- Film poster
- Directed by: Oksana Karpovych
- Written by: Oksana Karpovych
- Produced by: Rocío Barba Fuentes Giacomo Nudi
- Cinematography: Christopher Nunn
- Edited by: Charlotte Tourrès
- Production companies: Les films Cosmos; Moon Man; Hutong Productions;
- Distributed by: Grasshopper Film (US)
- Release date: 17 February 2024 (Berlin);
- Running time: 95 minutes
- Countries: Canada France Ukraine
- Languages: Ukrainian Russian

= Intercepted (film) =

2024 documentary film

Intercepted (version in «Мирні люди») is a 2024 Ukrainian-Canadian-French documentary film that merges the intercepted phone calls of Russian soldiers in Ukraine with their families back home with images of the destruction caused by the invasion. The film had received criticism for its use of unverifiable phone recordings sourced off the Ukrainian intelligence's YouTube channel, leading some to question its authenticity and inherent bias. The film is written and directed by Oksana Karpovych and filmed by cinematographer Christopher Nunn.

== Synopsis ==
The film vividly portrays the devastating aftermath of war: shattered homes, demolished bridges, and charred machinery.

The static visuals are accompanied by audio recordings of intercepted phone calls between Russian soldiers and their families, captured by Ukrainian intelligence since the start of the full-scale invasion and regularly published online. In these calls, the soldiers discuss Russia's military ambitions, brag about their victories, boast about the trophies they plan to take home, and share their worries and fears about the direction the invasion is taking. Some admit to having tortured and killed people, including civilians.

== Production ==
The film took approximately two years to complete. Filming began in 2022 and wrapped up in 2023, with footage captured in Donbas, as well as the Kyiv, Kharkiv, and Mykolaiv regions.

== Reception ==
 Metacritic, which uses a weighted average, assigned the film a score of 84 out of 100, based on 5 critics, indicating "universal acclaim".

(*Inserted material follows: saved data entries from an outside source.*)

(* G is the countable intersection of the events "some node (i, n)
   with n >= N is joined to the first N nodes of the levels i + 1 and i - 1
   according to prescribed patterns": these are instances of axiom (iv), and
   conversely every instance of (iv) follows from one of them because finite
   sets of nodes are bounded.  Such an event holds as soon as a block of at most
   2N bits attached to some n >= N takes prescribed values, and for large n that
   block lies beyond any given finite prefix.  An event determined by a finite
   prefix keeps at least the fraction 2^-2N of its mass when a block of bits
   beyond that prefix is prescribed; iterating, the complement of the event has
   probability at most (1 - 2^-2N)^j for every j, hence 0. *)

Definition agree (f : nat -> bool) (ps : seq nat) : set CantorM :=
  [set a | {in ps, forall p, a p = f p}].

Definition prefix_determined (M : nat) (E : set CantorM) : Prop :=
  forall a b : CantorM, (forall p, (p < M)%N -> a p = b p) -> E a -> E b.

Lemma cylinder_measurable w : measurable (cylinder w : set CantorM).
Proof. by apply: sub_sigma_algebra; exists w. Qed.

Lemma bit_measurable p b : measurable [set a : CantorM | a p = b].
Proof.
have -> : [set a : CantorM | a p = b] =
    \bigcup_(w : p.-tuple bool) cylinder (rcons w b).
  apply/seteqP; split=> [a /= ab|a [w _ wa]]; last first.
    have := wa p; rewrite size_rcons size_tuple nth_rcons size_tuple ltnn eqxx.
    by apply.
  exists [tuple a i | i < p] => // i.
  rewrite size_rcons size_tuple ltnS nth_rcons size_tuple leq_eqVlt.
  case/orP=> [/eqP->|ip]; first by rewrite ltnn eqxx.
  by rewrite ip -[i]/(val (Ordinal ip)) nth_mktuple.
exact: countable_bigcupT_measurable (countableP _) (fun w => cylinder_measurable _).
Qed.

Lemma agree_measurable f ps : measurable (agree f ps).
Proof.
have -> : agree f ps = \bigcap_(p in [set p | p \in ps]) [set a | a p = f p].
  by apply/seteqP; split=> a /= h p; apply: h.
by apply: bigcap_measurableType => p _; exact: bit_measurable.
Qed.

Lemma prefix_determined_le M M' E :
  (M <= M')%N -> prefix_determined M E -> prefix_determined M' E.
Proof. by move=> MM' dE a b ab; apply: dE => p pM; apply: ab (leq_trans pM MM'). Qed.

Lemma prefix_determinedI M E F :
  prefix_determined M E -> prefix_determined M F -> prefix_determined M (E `&` F).
Proof. by move=> dE dF a b ab [Ea Fa]; split; [exact: dE ab Ea|exact: dF ab Fa]. Qed.

Lemma prefix_determinedC M E :
  prefix_determined M E -> prefix_determined M (~` E).
Proof. by move=> dE a b ab nEa Eb; apply/nEa/(dE b) => // p /ab. Qed.

Lemma prefix_determined_agree f ps :
  prefix_determined (\max_(p <- ps) p.+1) (agree f ps).
Proof.
move=> a b ab Aa p pps; rewrite -ab ?Aa //.
exact: (leq_bigmax_seq _ pps).
Qed.

Lemma cylinder_sub_or_disjoint (w : seq bool) (E : set CantorM) :
  prefix_determined (size w) E -> cylinder w `<=` E \/ cylinder w `&` E = set0.
Proof.
move=> dE; have [[a [wa Ea]]|none] := pselect (exists a, cylinder w a /\ E a).
  by left=> b wb; apply: (dE a) Ea => p pw; rewrite wa ?wb.
by right; apply/seteqP; split=> // a [wa Ea]; apply: none; exists a.
Qed.

Lemma cylinder_rcons w :
  cylinder w = cylinder (rcons w false) `|` cylinder (rcons w true).
Proof.
apply/seteqP; split=> [a wa|a]; last first.
  case=> wa i iw; have := wa i;
    by rewrite size_rcons nth_rcons iw ltnS ltnW //; apply.
have ext i : (i < size (rcons w (a (size w))))%N ->
    a i = nth false (rcons w (a (size w))) i.
  rewrite size_rcons ltnS nth_rcons leq_eqVlt.
  by case/orP=> [/eqP->|iw]; [rewrite ltnn eqxx|rewrite iw wa].
by case: (a (size w)) ext => ext; [right|left].
Qed.

Lemma cylinder_rcons_disjoint w :
  cylinder (rcons w false) `&` cylinder (rcons w true) = set0.
Proof.
apply/seteqP; split=> // a [/(_ (size w)) hf /(_ (size w)) ht].
move: hf ht; rewrite !size_rcons !nth_rcons ltnn eqxx ltnSn.
by move=> /(_ isT) -> /(_ isT).
Qed.

Section countable_bigcap.
Context d (T : measurableType d) (R : realType) (P : probability T R).

Lemma countable_bigcapT_measurable (I : countType) (A : I -> set T) :
  (forall i, measurable (A i)) -> measurable (\bigcap_i A i).
Proof.
move=> mA; rewrite -[X in measurable X]setCK setC_bigcap; apply: measurableC.
exact: countable_bigcupT_measurable (countableP _) (fun i => measurableC (mA i)).
Qed.

Lemma probability_countable_bigcap (I : countType) (A : I -> set T) :
  (forall i, measurable (A i)) -> (forall i, P (~` A i) = 0%E) ->
  P (\bigcap_i A i) = 1%E.
Proof.
move=> mA nA; have mC := measurableC (countable_bigcapT_measurable mA).
have nC : P (~` \bigcap_i A i) = 0%E.
  apply/negligibleP => //.
  apply: (@negligibleS _ _ _ _
    (\bigcup_n if unpickle n is Some i then ~` A i else set0)).
    rewrite setC_bigcap => a [i _ Aia]; exists (pickle i) => //.
    by rewrite pickleK.
  apply: negligible_bigcup => n.
  case: (unpickle n) => [i|]; last exact: negligible_set0.
  exact/negligibleP/nA/measurableC.
by rewrite -[X in P X]setCK probability_setC // nC sube0.
Qed.

End countable_bigcap.

Section fair_coin.
Variables (R : realType) (P : probability CantorM R).
Hypothesis fairP : fair_coin P.

Definition pr (A : set CantorM) : R := fine (P A).

Local Notation half := (2^-1 : R).

Lemma prE A : measurable A -> P A = (pr A)%:E.
Proof. by move=> mA; rewrite /pr fineK // fin_num_measure. Qed.

Lemma pr_ge0 A : measurable A -> 0 <= pr A.
Proof. by move=> mA; rewrite -lee_fin -prE. Qed.

Lemma le_pr A B : measurable A -> measurable B -> A `<=` B -> pr A <= pr B.
Proof. by move=> mA mB AB; rewrite -lee_fin -!prE // le_measure ?inE. Qed.

Lemma prU A B : measurable A -> measurable B -> A `&` B = set0 ->
  pr (A `|` B) = pr A + pr B.
Proof.
move=> mA mB AB; apply/EFin_inj; rewrite EFinD -!prE //; last exact: measurableU.
exact: measureU.
Qed.

Lemma pr_setIC A B : measurable A -> measurable B ->
  pr A = pr (A `&` B) + pr (A `&` ~` B).
Proof.
move=> mA mB; have mAC : measurable (A `&` ~` B) by exact/measurableI/measurableC.
rewrite -prU -?setIUr ?setUv ?setIT //; first exact: measurableI.
by rewrite setIACA setICr !setI0.
Qed.

Lemma pr_cylinder w : pr (cylinder w) = half ^+ size w.
Proof. by rewrite /pr fairP exprVn. Qed.

Lemma pr_cylinder_rcons w (A : set CantorM) : measurable A ->
  pr (cylinder w `&` A) =
  pr (cylinder (rcons w false) `&` A) + pr (cylinder (rcons w true) `&` A).
Proof.
move=> mA; have mwA w' : measurable (cylinder w' `&` A : set CantorM).
  exact: measurableI (cylinder_measurable _) mA.
rewrite -prU -?setIUl -?cylinder_rcons //.
by rewrite setIACA cylinder_rcons_disjoint set0I.
Qed.

Lemma halfX_le m n : (m <= n)%N -> half ^+ n <= half ^+ m.
Proof. by move=> mn; rewrite ler_wiXn2l // ?invr_ge0 ?invf_le1 ?ler1n. Qed.

Lemma halfXS_double n : half ^+ n.+1 + half ^+ n.+1 = half ^+ n.
Proof. by rewrite exprS -mulrDl [_ + _](_ : _ = 1) ?mul1r //; lra. Qed.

Monica Castillo of RogerEbert.com gave the film three out of four stars and wrote, "It's easy to write off combatants as just an enemy but Karpovych's film tries to understand them, how and why they've justifying killing civilians on sight, enacting horrifying amounts of torture, or why they're invading Ukraine's borders in the first place. And while the voices of Ukrainians are not featured in Intercepted, their resilience dominates the frame of Karpovych's observational documentary."

===Accolades===
The film won the Grand Prize for National Feature at the 2024 Montreal International Documentary Festival.

It was a shortlisted finalist for the 2026 Prix Luc-Perreault.

== Controversy ==
Karpovich says she had listened to 31 hours of phone recordings made between March and November 2022, which she downloaded off the Ukrainian intelligence's YouTube channel, "barely changing the order" as she found the order in which they were uploaded developed a natural narrative arc. This lead some to question their authenticity and the ethics behind using unverifiable material from an intelligence service that is party to the conflict as a basis for a documentary. Karpovich had not interviewed any Russian soldiers herself. The use of intercepted material is seen as controversial and potentially manipulative.

A Berlinale review has questioned if Intercepted is a documentary or "war propaganda". A review in Slant Magazine noted that parts of the film are potentially manipulative.